Practicalities – those useful things players need to know so they can be comfortable in the space. Where are the bathrooms, where are the exits, can they eat and drink, how long will the workshop and the game last, will there be breaks… etc.
Structure and purpose – explain why this game is preceded by a workshop, and what will be achieved during it. You may want to go into detail about the workshop activities – more likely, you’ll just give a general picture. (Or you may want to keep the activities secret for now, so the players aren’t expecting them.)
Warmup – important to get players relaxed, disinhibited, and moving freely. There are lots of great warmup exercises, such as Penguins and flamingos, Human knot, Jump in jump out, Shake hands… Choose exercises that are appropriate for your number of players and for the space that you’re using.
Impro basics – simple exercises to reinforce (or to introduce, if your players are new to this) the basic improvisation tools of Yes, and…, Not blocking, and so on.
Physicality – this may be important if the game requires physical contact, but your players are unaccustomed to it in their larp tradition, or are strangers to each other. The exercises should familiarize them with each other’s touch, proximity and presence. This doesn’t need to be any more intense than it will be in the larp itself.
Trust – particularly useful in emotionally intense games. If you can help players become comfortable entrusting themselves to each other’s care, it’ll make opening up emotionally that much easier.

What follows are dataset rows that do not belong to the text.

(* Let $\lambda>0$, $L\ge1$, and let $\Sigma\in\mathbb{R}^{d\times d}$ be symmetric positive definite with simple spectrum $\sigma_1>\cdots>\sigma_d>0$ and unit eigenvectors $u_1,\dots,u_d$. Define, with $a=\mu^\top\Sigma\mu$ and $b=\mu^\top\Sigma^2\mu$, \[ \mathcal{R}_{\mathrm{lin},L}(\mu)=\operatorname{tr}(\Sigma)-\tfrac{2\lambda}{L}\operatorname{tr}(\Sigma)a-\tfrac{2\lambda(L+1)}{L}b+\tfrac{\lambda^2(L+2)}{L^2}\operatorname{tr}(\Sigma)a^2+\tfrac{\lambda^2(L+2)(L+3)}{L^2}ab. \] For $i=1,\dots,d$ let $\mu_i^\pm=\pm\gamma_i^\star u_i$ with $\gamma_i^\star=\sqrt{\frac{\operatorname{tr}(\Sigma)+(L+1)\sigma_i}{\frac{\lambda}{L}\sigma_i(L+2)(\operatorname{tr}(\Sigma)+(L+3)\sigma_i)}}$. Then $\mathrm{crit}(\mathcal{R}_{\mathrm{lin},L})=\{0\}\cup\{\mu_i^\pm:i=1,\dots,d\}$; $\nabla^2\mathcal{R}_{\mathrm{lin},L}(0)$ is negative definite, so $0$ is a local maximum; and $\nabla^2\mathcal{R}_{\mathrm{lin},L}(\mu_i^\pm)$ is diagonal in the eigenbasis of $\Sigma$, with eigenvalue along $u_j$ equal to $8\frac{\lambda}{L}\sigma_i(\operatorname{tr}(\Sigma)+(L+1)\sigma_i)$ if $j=i$, and $2\frac{\lambda}{L}\sigma_j(\sigma_i-\sigma_j)\frac{(L-1)\operatorname{tr}(\Sigma)+(L+1)(L+3)\sigma_i}{\operatorname{tr}(\Sigma)+(L+3)\sigma_i}$ if $j\ne i$. In particular $\nabla^2\mathcal{R}_{\mathrm{lin},L}(\mu_1^\pm)$ is positive definite, and for $i>1$ $\nabla^2\mathcal{R}_{\mathrm{lin},L}(\mu_i^\pm)$ has both positive and negative eigenvalues. Consequently $\mu_1^\pm=\pm\gamma_1^\star u_1$ are global minimizers of $\mathcal{R}_{\mathrm{lin},L}$, and $\mu_i^\pm$ is a strict saddle for every $i>1$.
   Context: $\mathcal{R}_{\mathrm{lin},L}(\mu)$ equals $\mathbb{E}\|X_1-\frac{\lambda}{L}\sum_{k=1}^L(X_1^\top\mu\mu^\top X_k)X_k\|^2$ for $X_1,\dots,X_L$ i.i.d. $\mathcal{N}(0,\Sigma)$ (a linear attention risk). *)

From HB Require Import structures.
From mathcomp Require Import all_boot all_order all_algebra.
From mathcomp Require Import all_classical all_reals all_analysis.
Set Implicit Arguments. Unset Strict Implicit. Unset Printing Implicit Defensive.
Import Order.TTheory GRing.Theory Num.Theory.
Import numFieldNormedType.Exports.
Local Open Scope classical_set_scope.
Local Open Scope ring_scope.

Section Defs.
Variables (R : realType) (d : nat).

Definition qf (A : 'M[R]_d) (v : 'cV[R]_d) : R := (v^T *m A *m v) 0 0.

Definition Rlin (Sigma : 'M[R]_d) (lam : R) (L : nat) (mu : 'cV[R]_d) : R :=
  let t := \tr Sigma in
  let a := qf Sigma mu in
  let b := qf (Sigma *m Sigma) mu in
  let L' := (L%:R : R) in
  t - (2 * lam / L') * t * a - (2 * lam * (L' + 1) / L') * b
    + (lam ^+ 2 * (L' + 2) / L' ^+ 2) * t * a ^+ 2
    + (lam ^+ 2 * (L' + 2) * (L' + 3) / L' ^+ 2) * a * b.

Definition ev (j : 'I_d) : 'cV[R]_d := delta_mx j 0.

Definition crit (f : 'cV[R]_d -> R) : set 'cV[R]_d :=
  [set mu | differentiable f mu /\ forall v, 'd f mu v = 0].

Definition hessian (f : 'cV[R]_d -> R) (mu : 'cV[R]_d) : 'M[R]_d :=
  \matrix_(i, j) derive (fun x => derive f x (ev j)) mu (ev i).

Definition posdef (A : 'M[R]_d) := forall v : 'cV[R]_d, v != 0 -> 0 < qf A v.
Definition negdef (A : 'M[R]_d) := forall v : 'cV[R]_d, v != 0 -> qf A v < 0.

Definition local_max (f : 'cV[R]_d -> R) (mu : 'cV[R]_d) :=
  \forall x \near mu, f x <= f mu.

Definition global_min (f : 'cV[R]_d -> R) (mu : 'cV[R]_d) :=
  forall x, f mu <= f x.

Definition strict_saddle (f : 'cV[R]_d -> R) (mu : 'cV[R]_d) :=
  crit f mu /\ exists a, eigenvalue (hessian f mu) a /\ a < 0.

End Defs.

From HB Require Import structures.
From mathcomp Require Import all_boot all_order all_algebra.
From mathcomp Require Import all_classical all_reals all_analysis.
From mathcomp Require Import ring lra.
Import Order.TTheory GRing.Theory Num.Theory.
Import numFieldNormedType.Exports.
Local Open Scope classical_set_scope.
Local Open Scope ring_scope.
Set Implicit Arguments. Unset Strict Implicit. Unset Printing Implicit Defensive.

(* The risk depends on mu only through a = mu^T Sigma mu and b = mu^T Sigma^2 mu,
   as the polynomial [risk t lam L a b]; its gradient is 2 (P Sigma mu + Q Sigma^2 mu)
   with P, Q the partial derivatives of [risk] in a and b.  Along the eigenvector u_j
   the gradient is 2 sigma_j c_j (P + sigma_j Q), where c_j = <u_j, mu>.  At a critical
   point two nonzero coordinates c_j, c_k would force P = Q = 0, which is impossible
   since P > 0 whenever Q = 0 and b > 0; so a nonzero critical point is c u_i, and
   P + sigma_i Q = 0 is a linear equation in c^2 with root gamma_i^2.  There the
   Hessian 2 P Sigma + 2 Q Sigma^2 + (rank-two terms in Sigma mu and Sigma^2 mu) is
   diagonal in the eigenbasis, and its eigenvalue along u_j, j <> i, has the sign of
   sigma_i - sigma_j.  For global minimality, b <= sigma_1 a; writing b = r a, the
   minimum over a of [risk a (r a)] is t - h(r) with h increasing in r, and
   t - h(sigma_1) is attained at +-gamma_1 u_1. *)

Lemma is_derive_quadratic (R : realFieldType) (V : normedModType R) (f : V -> R)
    (x v : V) (c1 c2 : R) :
  (forall h : R, f (h *: v + x) = f x + h * c1 + h ^+ 2 * c2) ->
  is_derive x v f c1.
Proof.
move=> fE.
have lim_c1 : (fun h : R => c1 + h * c2) @ (0 : R)^' --> c1.
  rewrite -[X in _ --> X]addr0 -[X in _ --> _ + X](mul0r c2).
  apply: cvgD; first exact: cvg_cst.
  by apply: cvgMr_tmp; apply: cvg_trans (cvg_within _); exact: cvg_id.
have quotE : (fun h : R => h^-1 *: ((f \o shift x) (h *: v) - f x)) @ (0 : R)^'
    --> c1.
  apply: cvg_trans lim_c1; apply: near_eq_cvg; near=> h.
  have h_neq0 : h != 0 by near: h; exact: nbhs_dnbhs_neq.
  by rewrite /= fE /GRing.scale /=; field.
by apply: DeriveDef; [apply/cvg_ex; exists c1 | exact: cvg_lim].
Unshelve. all: by end_near.
Qed.

Lemma addmx_entry (R : ringType) m n (A B : 'M[R]_(m, n)) i j :
  (A + B) i j = A i j + B i j.
Proof. by rewrite mxE. Qed.

Lemma scalemx_entry (R : ringType) m n (c : R) (A : 'M[R]_(m, n)) i j :
  (c *: A) i j = c * A i j.
Proof. by rewrite mxE. Qed.

Section DotProduct.
Variables (R : realType) (d : nat).
Implicit Types (A : 'M[R]_d) (x y v w : 'cV[R]_d).

Definition vdot x y : R := (x^T *m y) 0 0.

Lemma vdotC x y : vdot x y = vdot y x.
Proof.
have -> : vdot x y = ((x^T *m y)^T) 0 0 by rewrite mxE.
by rewrite trmx_mul trmxK.
Qed.

Lemma vdotDr x y z : vdot x (y + z) = vdot x y + vdot x z.
Proof. by rewrite /vdot mulmxDr mxE. Qed.

Lemma vdotDl x y z : vdot (x + y) z = vdot x z + vdot y z.
Proof. by rewrite vdotC vdotDr !(vdotC z). Qed.

Lemma vdotZr x y (c : R) : vdot x (c *: y) = c * vdot x y.
Proof. by rewrite /vdot -scalemxAr mxE. Qed.

Lemma vdotZl x y (c : R) : vdot (c *: x) y = c * vdot x y.
Proof. by rewrite vdotC vdotZr vdotC. Qed.

Lemma vdot0l y : vdot 0 y = 0.
Proof. by rewrite /vdot trmx0 mul0mx mxE. Qed.

Lemma vdot_sumr x I r (P : pred I) (F : I -> 'cV[R]_d) :
  vdot x (\sum_(i <- r | P i) F i) = \sum_(i <- r | P i) vdot x (F i).
Proof. by rewrite /vdot mulmx_sumr summxE. Qed.

Lemma vdot_evr x j : vdot x (ev R j) = x j 0.
Proof. by rewrite vdotC /vdot /ev trmx_delta -rowE mxE. Qed.

Lemma vdot_mulmx_sym A x y : A^T = A -> vdot x (A *m y) = vdot (A *m x) y.
Proof. by move=> sA; rewrite /vdot trmx_mul sA mulmxA. Qed.

Lemma mulmx_ev_entry A i j : (A *m ev R j) i 0 = A i j.
Proof. by rewrite /ev -colE mxE. Qed.

Lemma vdot_mulmx_ev A i j : A^T = A -> vdot (A *m ev R i) (ev R j) = A i j.
Proof.
by move=> sA; rewrite -vdot_mulmx_sym // vdotC vdot_evr mulmx_ev_entry.
Qed.

Lemma outer_mx_entry x y i j : (x *m y^T) i j = x i 0 * y j 0.
Proof. by rewrite mxE big_ord1 mxE. Qed.

Lemma mul_outer_mx x y z : x *m y^T *m z = vdot y z *: x.
Proof. by rewrite -mulmxA [y^T *m z]mx11_scalar mul_mx_scalar. Qed.

Lemma qfE A x : qf A x = vdot x (A *m x).
Proof. by rewrite /qf /vdot mulmxA. Qed.

Lemma ev_neq0 i : ev R i != 0 :> 'cV[R]_d.
Proof.
apply/eqP => /matrixP/(_ i 0); rewrite !mxE !eqxx /= => /eqP.
by rewrite oner_eq0.
Qed.

Lemma qf0 A : qf A 0 = 0.
Proof. by rewrite qfE vdot0l. Qed.

Lemma qf_ev A i : qf A (ev R i) = A i i.
Proof. by rewrite qfE vdotC vdot_evr mulmx_ev_entry. Qed.

Lemma qfDl A B x : qf (A + B) x = qf A x + qf B x.
Proof. by rewrite !qfE mulmxDl vdotDr. Qed.

Lemma qfZl c A x : qf (c *: A) x = c * qf A x.
Proof. by rewrite !qfE -scalemxAl vdotZr. Qed.

Lemma qf_along_line A x v (h : R) : A^T = A ->
  qf A (h *: v + x) = qf A x + h * (2 * vdot (A *m x) v) + h ^+ 2 * qf A v.
Proof.
move=> sA; have xAv : vdot x (A *m v) = vdot (A *m x) v by apply: vdot_mulmx_sym.
rewrite !qfE mulmxDr -scalemxAr vdotDl !vdotDr !vdotZl !vdotZr xAv.
by rewrite (vdotC v (A *m x)); ring.
Qed.

Lemma is_derive_qf A x v : A^T = A -> is_derive x v (qf A) (2 * vdot (A *m x) v).
Proof. by move=> sA; apply: (is_derive_quadratic (c2 := qf A v)) => h; apply: qf_along_line. Qed.

Lemma is_derive_vdot_mulmx A w x v :
  is_derive x v (fun y => vdot (A *m y) w) (vdot (A *m v) w).
Proof.
apply: (is_derive_quadratic (c2 := 0)) => h.
by rewrite mulmxDr -scalemxAr vdotC vdotDr vdotZr !(vdotC w); ring.
Qed.

Lemma differentiable_qf A x : differentiable (qf A) x.
Proof.
have -> : qf A = \sum_(l < d) \sum_(k < d) (fun y : 'cV[R]_d => y k 0 * A k l * y l 0).
  apply/funext => y; rewrite fct_sumE /qf mxE; apply: eq_bigr => l _.
  rewrite fct_sumE mxE mulr_suml; apply: eq_bigr => k _; by rewrite !mxE.
apply: differentiable_sum => l; apply: differentiable_sum => k.
apply: differentiableM; last exact: differentiable_coord.
by apply: differentiableM; [exact: differentiable_coord | exact: differentiable_cst].
Qed.

End DotProduct.

Section RiskProfile.
Variables (R : realFieldType) (t lam L : R).

Definition risk (a b : R) : R :=
  t - 2 * lam / L * t * a - 2 * lam * (L + 1) / L * b
    + lam ^+ 2 * (L + 2) / L ^+ 2 * t * a ^+ 2
    + lam ^+ 2 * (L + 2) * (L + 3) / L ^+ 2 * a * b.

Definition kappa : R := lam ^+ 2 * (L + 2) / L ^+ 2.

Definition risk_da (a b : R) : R := 2 * kappa * t * a + kappa * (L + 3) * b - 2 * lam / L * t.

Definition risk_db (a : R) : R := kappa * (L + 3) * a - 2 * lam * (L + 1) / L.

Definition gamma_sq (s : R) : R :=
  (t + (L + 1) * s) / (lam / L * s * (L + 2) * (t + (L + 3) * s)).

(* [t - risk_floor r] is the minimum of [a |-> risk a (r * a)]. *)
Definition risk_floor (r : R) : R := (t + (L + 1) * r) ^+ 2 / ((L + 2) * (t + (L + 3) * r)).

Lemma kappa_gt0 : 0 < lam -> 1 <= L -> 0 < kappa.
Proof. by move=> lam_gt0 L_ge1; rewrite /kappa !(mulr_gt0, invr_gt0, exprn_gt0) //; lra. Qed.

Lemma gamma_sq_gt0 s : 0 < lam -> 1 <= L -> 0 < t -> 0 < s -> 0 < gamma_sq s.
Proof.
by move=> lam_gt0 L_ge1 t_gt0 s_gt0; rewrite /gamma_sq !(mulr_gt0, invr_gt0, addr_gt0) //; lra.
Qed.

Lemma risk_partials_ray_eq0 s g : 0 < lam -> 1 <= L -> 0 < t -> 0 < s ->
  (risk_da (g * s) (g * s ^+ 2) + s * risk_db (g * s) == 0) = (g == gamma_sq s).
Proof.
move=> lam_gt0 L_ge1 t_gt0 s_gt0; have k_gt0 := kappa_gt0 lam_gt0 L_ge1.
have D_gt0 : 0 < t + (L + 3) * s by nra.
have -> : risk_da (g * s) (g * s ^+ 2) + s * risk_db (g * s)
    = 2 * kappa * s * (t + (L + 3) * s) * (g - gamma_sq s).
  rewrite /risk_da /risk_db /gamma_sq /kappa; field.
  by rewrite !(mulf_neq0, lt0r_neq0) //; lra.
have c_gt0 : 0 < 2 * kappa * s * (t + (L + 3) * s).
  by do 3 apply: mulr_gt0 => //; lra.
by rewrite mulf_eq0 subr_eq0 (gt_eqF c_gt0).
Qed.

Lemma risk_da_gt0 a b : 0 < lam -> 1 <= L -> 0 <= t -> 0 < b ->
  risk_db a = 0 -> 0 < risk_da a b.
Proof.
move=> lam_gt0 L_ge1 t_ge0 b_gt0 /eqP; rewrite subr_eq0 => /eqP Ea.
have ka : kappa * a = 2 * lam * (L + 1) / L / (L + 3).
  rewrite -Ea; field; lra.
have -> : risk_da a b = 2 * lam / L * t * (L - 1) / (L + 3) + kappa * (L + 3) * b.
  transitivity (2 * t * (kappa * a) + kappa * (L + 3) * b - 2 * lam / L * t).
    by rewrite /risk_da; ring.
  by rewrite ka; field; lra.
have k_gt0 := kappa_gt0 lam_gt0 L_ge1.
have : 0 < kappa * (L + 3) * b by do 2 apply: mulr_gt0 => //; lra.
have : 0 <= 2 * lam / L * t * (L - 1) / (L + 3).
  by rewrite !(mulr_ge0, invr_ge0) //; lra.
lra.
Qed.

Lemma risk_db_gamma_sq s : 0 < lam -> 1 <= L -> 0 < t -> 0 < s ->
  risk_db (gamma_sq s * s) =
    - (lam / L) * (((L - 1) * t + (L + 1) * (L + 3) * s) / (t + (L + 3) * s)).
Proof.
move=> lam_gt0 L_ge1 t_gt0 s_gt0; rewrite /risk_db /gamma_sq /kappa; field.
by rewrite !(mulf_neq0, lt0r_neq0) //; nra.
Qed.

Lemma gamma_sq_curvature s : 0 < lam -> 1 <= L -> 0 < t -> 0 < s ->
  8 * (gamma_sq s * s ^+ 2) * kappa * (t + (L + 3) * s) = 8 * (lam / L) * s * (t + (L + 1) * s).
Proof.
move=> lam_gt0 L_ge1 t_gt0 s_gt0; rewrite /gamma_sq /kappa; field.
by rewrite !(mulf_neq0, lt0r_neq0) //; nra.
Qed.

Out-of-game – this won’t always be required, particularly if you’re going straight from the workshop into the game. But if you need to explain practicalities of travel, food, sleeping etc relating to the game, now is the time to do it.
Expectations of play – you may prefer to let these emerge naturally, of course, or to let players infer them from the material. But if you’re expecting a particular style or mode of play – for example, if the game’s intended as a farcical satire in which nothing makes sense; or if players are to act with grand, exaggerated gestures to communicate their emotions; or you expect them to act like hardened criminals who behave as if their every move is under watch – tell them so, and explain that you will be showing them how to do it later in the workshop.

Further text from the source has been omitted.